Of course, Jeffrey Loria, the Marlins' owner, never will completely shut the door on potential Willis suitors. "Not if someone wants to really overwhelm us," is what he says, which, translated, means, "Who's to say if someone is willing to do something really stupid like trading three can't-miss prospects?" Not the Yankees or the Mets.

What's interesting from the Yankees' standpoint is that, for the first time in recent memory, they are actually in a position to put together that sort of package as a result of Brian Cashman's determined restocking of the once-barren farm system with blue-chip prospects such as pitchers Philip Hughes, Humberto Sanchez, Tyler Clippard, Jeff Karstens, Ian Kennedy, Joba Chamberlain, Dellin Betances and Kevin Whelan and outfielders Jose Tabata and Brett Gardner.

The George Steinbrenner of yesteryear would be telling Cashman to call Loria and make precisely that sort of overwhelming offer for Willis. But as Cashman reiterated yesterday, the Yankees are doing business in a different way now.

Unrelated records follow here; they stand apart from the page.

(* Let $A_o,A_i\in\mathbb R^{n_y\times n_x}$, let $B_o,B_i\in\mathbb R^{n_y\times n_y}$ and $C_o,C_i\in\mathbb R^{n_x\times n_x}$ be invertible, and let $W_o=(\det(B_oB_o^T))^{1/(2n_y)}\|C_o\|_{\mathrm F}$ and $W_i=(\det(B_iB_i^T))^{1/(2n_y)}\|C_i\|_{\mathrm F}$ be the generalized cone widths of the inclusions $y\in\{(A_o+B_o\Delta C_o)x:\|\Delta\|\le1\}$ and $y\in\{(A_i+B_i\Delta C_i)x:\|\Delta\|\le1\}$. If the first (outer) inclusion contains the second (inner) inclusion, then $W_o\ge W_i$.
   Context: $\|\cdot\|$ is the spectral norm, $\|\cdot\|_{\mathrm F}$ the Frobenius norm. An inclusion contains another if every pair $(x,y)\in\mathbb C^{n_x}\times\mathbb C^{n_y}$ satisfying the second also satisfies the first. The generalized cone width formula equals $\sqrt{\mathrm E(R^2(x))}$ with $x$ standard complex normal and $R(x)=\sqrt{x^*C^TCx}\,(\det(BB^T))^{1/(2n_y)}$. *)

From HB Require Import structures.
From mathcomp Require Import all_boot all_order all_algebra.
From mathcomp Require Import complex.
From mathcomp Require Import reals exp.
Set Implicit Arguments. Unset Strict Implicit. Unset Printing Implicit Defensive.
Import Order.TTheory GRing.Theory Num.Theory.
Local Open Scope ring_scope.

Section Defs.
Variable R : realType.

Definition cmx (m n : nat) (A : 'M[R]_(m, n)) : 'M[R[i]]_(m, n) :=
  map_mx (fun r : R => Complex r 0) A.

Definition cnorm2 (n : nat) (v : 'cV[R[i]]_n) : R[i] :=
  \sum_(k < n) `|v k 0| ^+ 2.

(* spectral (operator 2-)norm of Delta is at most 1:
   ||Delta v||_2 <= ||v||_2 for every complex vector v *)
Definition spec_le1 (m n : nat) (D : 'M[R[i]]_(m, n)) : Prop :=
  forall v : 'cV[R[i]]_n, cnorm2 (D *m v) <= cnorm2 v.

Definition inclusion (nx ny : nat) (A : 'M[R]_(ny, nx)) (B : 'M[R]_ny)
    (C : 'M[R]_nx) (x : 'cV[R[i]]_nx) (y : 'cV[R[i]]_ny) : Prop :=
  exists D : 'M[R[i]]_(ny, nx),
    spec_le1 D /\ y = (cmx A + cmx B *m D *m cmx C) *m x.

Definition contains (nx ny : nat)
    (I1 I2 : 'cV[R[i]]_nx -> 'cV[R[i]]_ny -> Prop) : Prop :=
  forall x y, I2 x y -> I1 x y.

Definition frob (m n : nat) (M : 'M[R]_(m, n)) : R :=
  Num.sqrt (\sum_(i < m) \sum_(j < n) M i j ^+ 2).

Definition cone_width (nx ny : nat) (B : 'M[R]_ny) (C : 'M[R]_nx) : R :=
  powR (\det (B *m B^T)) (1 / (2 * ny%:R)) * frob C.

End Defs.

From HB Require Import structures.
From mathcomp Require Import all_boot all_order all_algebra.
From mathcomp Require Import complex.
From mathcomp Require Import reals exp.
From mathcomp Require Import ring.

(* Fix a real vector x and put r_i = |C_i x|, r_o = |C_o x|.  For every u in the
   unit ball, the rank-one matrix u (C_i x)^T / r_i has spectral norm at most 1 and
   maps C_i x to r_i u, so A_i x + r_i B_i u lies in the inner, hence the outer,
   set: it equals A_o x + B_o z for some z with |z| <= r_o.  Subtracting the
   representations obtained for u and -u gives r_i B_o^-1 B_i u = (z_1 - z_2) / 2,
   so r_i B_o^-1 B_i maps the unit ball into the ball of radius r_o.  Its
   eigenvalues are therefore bounded by r_o, whence
   r_i^ny |det B_i| <= r_o^ny |det B_o|.  As (det(B B^T))^(1/(2 ny)) = |det B|^(1/ny),
   taking for x the standard basis vectors and summing the squares of the column
   inequalities yields W_i <= W_o. *)

Set Implicit Arguments.
Unset Strict Implicit.
Unset Printing Implicit Defensive.

Import Order.TTheory GRing.Theory Num.Theory.
Local Open Scope ring_scope.
Local Open Scope complex_scope.

Lemma lagrange_identity (R : comPzRingType) n (x y : 'I_n -> R) :
  \sum_k \sum_l (x k * y l - x l * y k) ^+ 2 =
  ((\sum_k x k ^+ 2) * (\sum_k y k ^+ 2) - (\sum_k x k * y k) ^+ 2) *+ 2.
Proof.
have sqrs : \sum_k \sum_l (x k * y l) ^+ 2 = (\sum_k x k ^+ 2) * (\sum_k y k ^+ 2).
  rewrite mulr_suml; apply: eq_bigr => k _; rewrite mulr_sumr.
  by apply: eq_bigr => l _; rewrite exprMn.
have cross : \sum_k \sum_l (x k * y l) * (x l * y k) = (\sum_k x k * y k) ^+ 2.
  rewrite expr2 mulr_suml; apply: eq_bigr => k _; rewrite mulr_sumr.
  by apply: eq_bigr => l _; rewrite mulrACA [in RHS]mulrACA [y l * _]mulrC.
under eq_bigr do under eq_bigr do rewrite sqrrB addrAC.
under eq_bigr do rewrite sumrB big_split /= sumrMnl.
rewrite sumrB big_split /= sumrMnl sqrs exchange_big /= sqrs cross.
by rewrite [RHS]mulr2n opprD addrACA.
Qed.

Lemma real_CauchySchwarz (R : numDomainType) n (x y : 'I_n -> R) :
  (forall k, x k \is Num.real) -> (forall k, y k \is Num.real) ->
  (\sum_k x k * y k) ^+ 2 <= (\sum_k x k ^+ 2) * (\sum_k y k ^+ 2).
Proof.
move=> xR yR.
have : 0 <= \sum_k \sum_l (x k * y l - x l * y k) ^+ 2.
  by do 2!apply: sumr_ge0 => ? _; rewrite -realEsqr realB // realM.
by rewrite lagrange_identity pmulrn_lge0 // subr_ge0.
Qed.

Lemma norm_CauchySchwarz (R : numDomainType) n (x y : 'I_n -> R) :
  `|\sum_k x k * y k| ^+ 2 <= (\sum_k `|x k| ^+ 2) * (\sum_k `|y k| ^+ 2).
Proof.
have norm_sum_le : `|\sum_k x k * y k| <= \sum_k `|x k| * `|y k|.
  by apply: le_trans (ler_norm_sum _ _ _) _; apply: ler_sum => k _; rewrite normrM.
apply: le_trans (real_CauchySchwarz (fun k => normr_real (x k))
                                   (fun k => normr_real (y k))).
by rewrite lerXn2r ?nnegrE ?sumr_ge0 // => k _; rewrite mulr_ge0.
Qed.

Lemma norm_det_le (F : numClosedFieldType) n (M : 'M[F]_n) (c : F) :
  (forall a, eigenvalue M a -> `|a| <= c) -> `|\det M| <= c ^+ n.
Proof.
move=> eigen_le.
have [r charM] := closed_field_poly_normal (char_poly M).
rewrite (monicP (char_poly_monic M)) scale1r in charM.
have size_r : size r = n.
  by have := size_char_poly M; rewrite charM size_prod_XsubC => -[].
have -> : `|\det M| = \prod_(z <- r) `|z|.
  have := char_poly_det M; rewrite -horner_coef0 charM horner_prod.
  move=> /(congr1 Num.norm); rewrite normrM normrX normrN1 expr1n mul1r => <-.
  by rewrite normr_prod; apply: eq_bigr => z _; rewrite hornerXsubC add0r normrN.
rewrite -size_r -iter_mulr_1 -(count_predT r) -big_const_seq big_seq [X in _ <= X]big_seq.
apply: ler_prod => z zr; rewrite normr_ge0 eigen_le //.
by rewrite eigenvalue_root_char charM root_prod_XsubC.
Qed.

Section Vectors.
Variable R : realType.
Local Notation C := R[i].

Lemma cnorm2_ge0 n (v : 'cV[C]_n) : 0 <= cnorm2 v.
Proof. by apply: sumr_ge0 => k _; rewrite exprn_ge0. Qed.

Lemma cnorm2_eq0 n (v : 'cV[C]_n) : (cnorm2 v == 0) = (v == 0).
Proof.
apply/idP/eqP => [|->]; last by rewrite /cnorm2 big1 // => k _; rewrite mxE normr0 expr0n.
rewrite psumr_eq0 => [/allP v0|k _]; last exact: exprn_ge0.
apply/matrixP => k l; rewrite (ord1 l) mxE.
by have := v0 k (mem_index_enum k); rewrite /= expf_eq0 normr_eq0 => /andP[_ /eqP].
Qed.

Lemma cnorm2Z n (c : C) (v : 'cV[C]_n) : cnorm2 (c *: v) = `|c| ^+ 2 * cnorm2 v.
Proof. by rewrite /cnorm2 mulr_sumr; apply: eq_bigr => k _; rewrite mxE normrM exprMn. Qed.

Lemma cnorm2N n (v : 'cV[C]_n) : cnorm2 (- v) = cnorm2 v.
Proof. by rewrite -scaleN1r cnorm2Z normrN1 expr1n mul1r. Qed.

Lemma cnorm2B_le n (v w : 'cV[C]_n) : cnorm2 (v - w) <= (cnorm2 v + cnorm2 w) *+ 2.
Proof.
rewrite /cnorm2 -big_split /= -sumrMnl; apply: ler_sum => k _; rewrite !mxE.
apply: (@le_trans _ _ ((`|v k 0| + `|w k 0|) ^+ 2)).
  by rewrite lerXn2r ?nnegrE ?addr_ge0 ?ler_normB.
rewrite -subr_ge0 (_ : _ - _ = (`|v k 0| - `|w k 0|) ^+ 2); last by ring.
by rewrite -realEsqr realB ?normr_real.
Qed.

Lemma cnorm2_half_sub_le n (v w : 'cV[C]_n) (c : C) :
  cnorm2 v <= c -> cnorm2 w <= c -> cnorm2 (2^-1 *: (v - w)) <= c.
Proof.
move=> vc wc; rewrite cnorm2Z normfV ger0_norm ?ler0n //.
apply: (@le_trans _ _ (2^-1 ^+ 2 * ((c + c) *+ 2))).
  by rewrite ler_wpM2l ?exprn_ge0 ?invr_ge0 ?ler0n // (le_trans (cnorm2B_le v w)) ?lerMn2r ?lerD.
suff -> : 2^-1 ^+ 2 * ((c + c) *+ 2) = c by [].
by field.
Qed.

Lemma eigenvalue_norm_le n (M : 'M[C]_n) (c : C) : 0 <= c ->
    (forall u, cnorm2 u <= 1 -> cnorm2 (M *m u) <= c ^+ 2) ->
  forall a, eigenvalue M^T a -> `|a| <= c.
Proof.
move=> c0 M_le a /eigenvalueP[v vMa v0].
have Mv : M *m v^T = a *: v^T by rewrite -[M]trmxK -trmx_mul vMa linearZ.
have v_gt0 : 0 < cnorm2 v^T by rewrite lt_def cnorm2_eq0 trmx_eq0 v0 cnorm2_ge0.
pose s := sqrtc (cnorm2 v^T)^-1.
have s2 : `|s| ^+ 2 = (cnorm2 v^T)^-1.
  by rewrite ger0_norm ?sqr_sqrtc // sqrtc_ge0 invr_ge0 ltW.
have /M_le : cnorm2 (s *: v^T) <= 1 by rewrite cnorm2Z s2 mulVf ?gt_eqF.
rewrite -scalemxAr Mv scalerA cnorm2Z normrM exprMn mulrAC s2 mulVf ?gt_eqF // mul1r.
by rewrite ler_pXn2r ?nnegrE.
Qed.

Lemma norm_det_le_contraction n (M : 'M[C]_n) (c : C) : 0 <= c ->
    (forall u, cnorm2 u <= 1 -> cnorm2 (M *m u) <= c ^+ 2) ->
  `|\det M| <= c ^+ n.
Proof. by move=> c0 M_le; rewrite -det_tr; apply/norm_det_le/eigenvalue_norm_le. Qed.

Lemma normC_real (r : R) : `|r%:C| = `|r|%:C :> C.
Proof. by rewrite normc_def /= expr0n /= addr0 sqrtr_sqr. Qed.

Lemma sqr_normC_real (r : R) : `|r%:C| ^+ 2 = (r ^+ 2)%:C :> C.
Proof. by rewrite normC_real -rmorphXn /= real_normK ?num_real. Qed.

Definition vnorm n (w : 'cV[R]_n) : R := Num.sqrt (\sum_k w k 0 ^+ 2).

Lemma vnorm_ge0 n (w : 'cV[R]_n) : 0 <= vnorm w.
Proof. exact: sqrtr_ge0. Qed.

Lemma vnorm_sqr n (w : 'cV[R]_n) : vnorm w ^+ 2 = \sum_k w k 0 ^+ 2.
Proof. by rewrite sqr_sqrtr // sumr_ge0 // => k _; rewrite sqr_ge0. Qed.

Lemma cmxE m n (A : 'M[R]_(m, n)) i j : cmx A i j = (A i j)%:C.
Proof. by rewrite mxE. Qed.

Lemma cmxM m n p (A : 'M[R]_(m, n)) (B : 'M[R]_(n, p)) : cmx (A *m B) = cmx A *m cmx B.
Proof. exact: (map_mxM (real_complex R)). Qed.

Lemma det_cmx n (A : 'M[R]_n) : \det (cmx A) = (\det A)%:C.
Proof. exact: (det_map_mx (real_complex R)). Qed.

Lemma cnorm2_cmx n (w : 'cV[R]_n) : cnorm2 (cmx w) = (vnorm w ^+ 2)%:C.
Proof.
by rewrite vnorm_sqr /cnorm2 rmorph_sum; apply: eq_bigr => k _; rewrite cmxE sqr_normC_real.
Qed.

Lemma rank_one_contraction m n (w : 'cV[R]_m) (u : 'cV[C]_n) : cnorm2 u <= 1 ->
  exists2 D : 'M[C]_(n, m), spec_le1 D & D *m cmx w = (vnorm w)%:C *: u.
Proof.
move=> u_le1; have [->|w0] := eqVneq (vnorm w) 0.
  exists 0; last by rewrite mul0mx scale0r.
  by move=> v; rewrite mul0mx (eqP (_ : cnorm2 (0 : 'cV[C]_n) == 0)) ?cnorm2_eq0 ?cnorm2_ge0.
pose a l := (w l 0 / vnorm w)%:C.
have a_sum : \sum_l `|a l| ^+ 2 = 1.
  rewrite /a; under eq_bigr do rewrite sqr_normC_real expr_div_n.
  by rewrite -rmorph_sum -mulr_suml -vnorm_sqr divff ?expf_neq0.
exists (\matrix_(k, l) (u k 0 * a l)).
- move=> v.
  have -> : \matrix_(k, l) (u k 0 * a l) *m v = (\sum_l a l * v l 0) *: u.
    apply/matrixP => k j; rewrite (ord1 j) !mxE mulr_suml.
    by apply: eq_bigr => l _; rewrite mxE [u k 0 * _]mulrC mulrAC.
  rewrite cnorm2Z; apply: (@le_trans _ _ (`|\sum_l a l * v l 0| ^+ 2)).
    by rewrite ler_piMr ?exprn_ge0.
  by apply: le_trans (norm_CauchySchwarz _ _) _; rewrite a_sum mul1r.
- apply/matrixP => k j; rewrite (ord1 j) !mxE.
  under eq_bigr do rewrite !mxE -mulrA -rmorphM mulrAC -expr2.
  rewrite -mulr_sumr -rmorph_sum -mulr_suml -vnorm_sqr.
  by rewrite expr2 mulrK ?unitfE // mulrC.
Qed.

Lemma unitmx_cmx n (A : 'M[R]_n) : (cmx A \in unitmx) = (A \in unitmx).
Proof. by rewrite !unitmxE det_cmx !unitfE fmorph_eq0. Qed.

End Vectors.

Section Inclusions.
Variable R : realType.
Local Notation C := R[i].
Variables (nx ny : nat) (Ao Ai : 'M[R]_(ny, nx)) (Bo Bi : 'M[R]_ny) (Co Ci : 'M[R]_nx).
Hypothesis outer_contains_inner : contains (inclusion Ao Bo Co) (inclusion Ai Bi Ci).

Lemma inner_point_in_outer (x : 'cV[R]_nx) (u : 'cV[C]_ny) : cnorm2 u <= 1 ->
  exists2 z, cnorm2 z <= (vnorm (Co *m x))%:C ^+ 2 &
    cmx (Ai *m x) + cmx Bi *m ((vnorm (Ci *m x))%:C *: u) = cmx (Ao *m x) + cmx Bo *m z.
Proof.
move=> u_le1; have [D D_le1 D_Cix] := rank_one_contraction (Ci *m x) u_le1.
have [|Do [Do_le1]] :=
  outer_contains_inner (x := cmx x) (y := (cmx Ai + cmx Bi *m D *m cmx Ci) *m cmx x).
  by exists D.
rewrite !mulmxDl -!mulmxA -!cmxM D_Cix => ->.
exists (Do *m cmx (Co *m x)) => //.
by apply: le_trans (Do_le1 _) _; rewrite cnorm2_cmx rmorphXn.
Qed.

Lemma inner_ball_in_outer_ball (x : 'cV[R]_nx) (u : 'cV[C]_ny) :
    Bo \in unitmx -> cnorm2 u <= 1 ->
  cnorm2 (((vnorm (Ci *m x))%:C *: (invmx (cmx Bo) *m cmx Bi)) *m u)
    <= (vnorm (Co *m x))%:C ^+ 2.
Proof.
move=> Bo_unit u_le1.
have [z1 z1_le E1] := inner_point_in_outer x u_le1.
have [|z2 z2_le] := inner_point_in_outer x (u := - u); first by rewrite cnorm2N.
rewrite scalerN mulmxN => E2.
set X := cmx Bi *m _ in E1 E2.
have two_X : X *+ 2 = cmx Bo *m (z1 - z2).
  apply: (addrI (cmx (Ao *m x) + cmx Bo *m z2)).
  by rewrite mulmxBr [RHS]addrACA subrr addr0 -E1 -E2 mulr2n addrA subrK.
have cBo_unit : cmx Bo \in unitmx by rewrite unitmx_cmx.
suff -> : (vnorm (Ci *m x))%:C *: (invmx (cmx Bo) *m cmx Bi) *m u = 2^-1 *: (z1 - z2).
  exact: cnorm2_half_sub_le.
rewrite -scalemxAl -mulmxA !scalemxAr -/X; apply: (canLR (mulKmx cBo_unit)).
by rewrite -scalemxAr -two_X -scalerMnr scalerMnl -mulr_natr mulVf ?scale1r ?pnatr_eq0.
Qed.

Lemma det_ratio_le (x : 'cV[R]_nx) : Bo \in unitmx ->
  vnorm (Ci *m x) ^+ ny * `|\det Bi| <= vnorm (Co *m x) ^+ ny * `|\det Bo|.
Proof.
move=> Bo_unit.
have ro_ge0 : 0 <= (vnorm (Co *m x))%:C by rewrite ler0c vnorm_ge0.
have := norm_det_le_contraction ro_ge0 (fun u => inner_ball_in_outer_ball (u := u) x Bo_unit).
rewrite detZ det_mulmx det_inv !det_cmx normrM normrX normrM normfV !normC_real.
rewrite (ger0_norm (vnorm_ge0 _)) -!rmorphXn -fmorphV -!rmorphM lecR => le_ratio.
have detBo_gt0 : 0 < `|\det Bo| by rewrite normr_gt0 -unitfE -unitmxE.
by rewrite -ler_pdivrMr // mulrC mulrCA.
Qed.

End Inclusions.

Section ConeWidth.
Variable R : realType.

Definition det_scale n (B : 'M[R]_n) : R := powR (\det (B *m B^T)) (1 / (2 * n%:R)).

Lemma det_scale_ge0 n (B : 'M[R]_n) : 0 <= det_scale B.
Proof. exact: powR_ge0. Qed.

Lemma det_scale_expn n (B : 'M[R]_n) : (0 < n)%N -> det_scale B ^+ n = `|\det B|.
Proof.
move=> n_gt0; have det_BBt : \det (B *m B^T) = `|\det B| `^ 2%:R.
  by rewrite det_mulmx det_tr powR_mulrn // real_normK ?num_real.
rewrite /det_scale det_BBt -powR_mulrn ?powR_ge0 // -!powRrM.
have -> : 2%:R * (1 / (2 * n%:R) * n%:R) = 1 :> R by field; rewrite pnatr_eq0 -lt0n.
exact: powRr1.
Qed.

Lemma frob_sqr m n (M : 'M[R]_(m, n)) : frob M ^+ 2 = \sum_j vnorm (col j M) ^+ 2.
Proof.
rewrite sqr_sqrtr; last by do 2!apply: sumr_ge0 => ? _; rewrite sqr_ge0.
rewrite exchange_big; apply: eq_bigr => j _; rewrite vnorm_sqr.
by apply: eq_bigr => i _; rewrite mxE.
Qed.

Lemma cone_width_le nx ny (Bi Bo : 'M[R]_ny) (Ci Co : 'M[R]_nx) : (0 < ny)%N ->
    (forall x : 'cV[R]_nx,
      vnorm (Ci *m x) ^+ ny * `|\det Bi| <= vnorm (Co *m x) ^+ ny * `|\det Bo|) ->
  cone_width Bi Ci <= cone_width Bo Co.
Proof.
move=> ny_gt0 le_x.
have le_col j : det_scale Bi * vnorm (col j Ci) <= det_scale Bo * vnorm (col j Co).
  rewrite -(ler_pXn2r ny_gt0) ?nnegrE ?mulr_ge0 ?det_scale_ge0 ?vnorm_ge0 //.
  by rewrite !exprMn !det_scale_expn // mulrC [X in _ <= X]mulrC !colE le_x.
rewrite /cone_width -/(det_scale Bi) -/(det_scale Bo).
rewrite -(ler_pXn2r (isT : 0 < 2)%N) ?nnegrE ?mulr_ge0 ?det_scale_ge0 ?sqrtr_ge0 //.
rewrite !exprMn !frob_sqr !mulr_sumr; apply: ler_sum => j _.
by rewrite -!exprMn lerXn2r ?nnegrE ?mulr_ge0 ?det_scale_ge0 ?vnorm_ge0.
Qed.

End ConeWidth.

Theorem proposition3 (R : realType) (nx ny : nat) (hnx : (0 < nx)%N) (hny : (0 < ny)%N)
    (Ao Ai : 'M[R]_(ny, nx)) (Bo Bi : 'M[R]_ny) (Co Ci : 'M[R]_nx) :
  Bo \in unitmx -> Bi \in unitmx -> Co \in unitmx -> Ci \in unitmx ->
  contains (inclusion Ao Bo Co) (inclusion Ai Bi Ci) ->
  cone_width Bi Ci <= cone_width Bo Co.
Proof.
move=> Bo_unit _ _ _ outer_contains_inner.
apply: cone_width_le hny _ => x.
exact: det_ratio_le outer_contains_inner x Bo_unit.
Qed.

"We're trying to build from within to the point where we have a lot of choices so we're not forced to go into the free agent market which is typically unproductive," he said.

The scary thing for the rest of the AL is that both the Yankees and Red Sox are pursuing this tactic. The Twins and Athletics showed how you can stay in contention developing young talent. Add a ton of money to that, and you have a chance to build super teams.

Before Cashman made his deal to gain more control of the Yankees, his merits as a GM were hotly debated. I'd say so far he's used his power wisely.


Posted by David Pinto at 09:07 AM | Management | TrackBack (0)
Comments

There ain't no such thing as can't miss.

That said: Cash is being smart. But I'd go get Zito, gambling on solid lefties with a high win pct. is worth it.

Posted by: Juke at December 5, 2006 10:13 AM

"But I'd go get Zito, gambling on solid lefties with a high win pct. is worth it."

No...it isn't. His FB keeps losing velocity, he walks too many guys, and Boston and Toronto both typically hit him pretty well. He belongs in the NL...and though he doesn't deserve it, he'll get a package over $90MM

Posted by: the other josh at December 5, 2006 03:15 PM

Yep, Winning Percentage is DEFINITELY the best metric for measuring how good a pitcher is...

Posted by: Adam B. at December 5, 2006 03:15 PM

Keeping the blue chip prospects will put more fans in the stadium than buying vetrans who turn out to be sour and can't get your team to the W.S. anyway I will pay to see Hughes pitch in Yankee Stadium not Zito.

Posted by: Tony at December 5, 2006 08:45 PM

the yankees will find a way to get your money anyway :)

I think Zito will end up with the Mets. They wont offer the longest contract but will offer the most per year.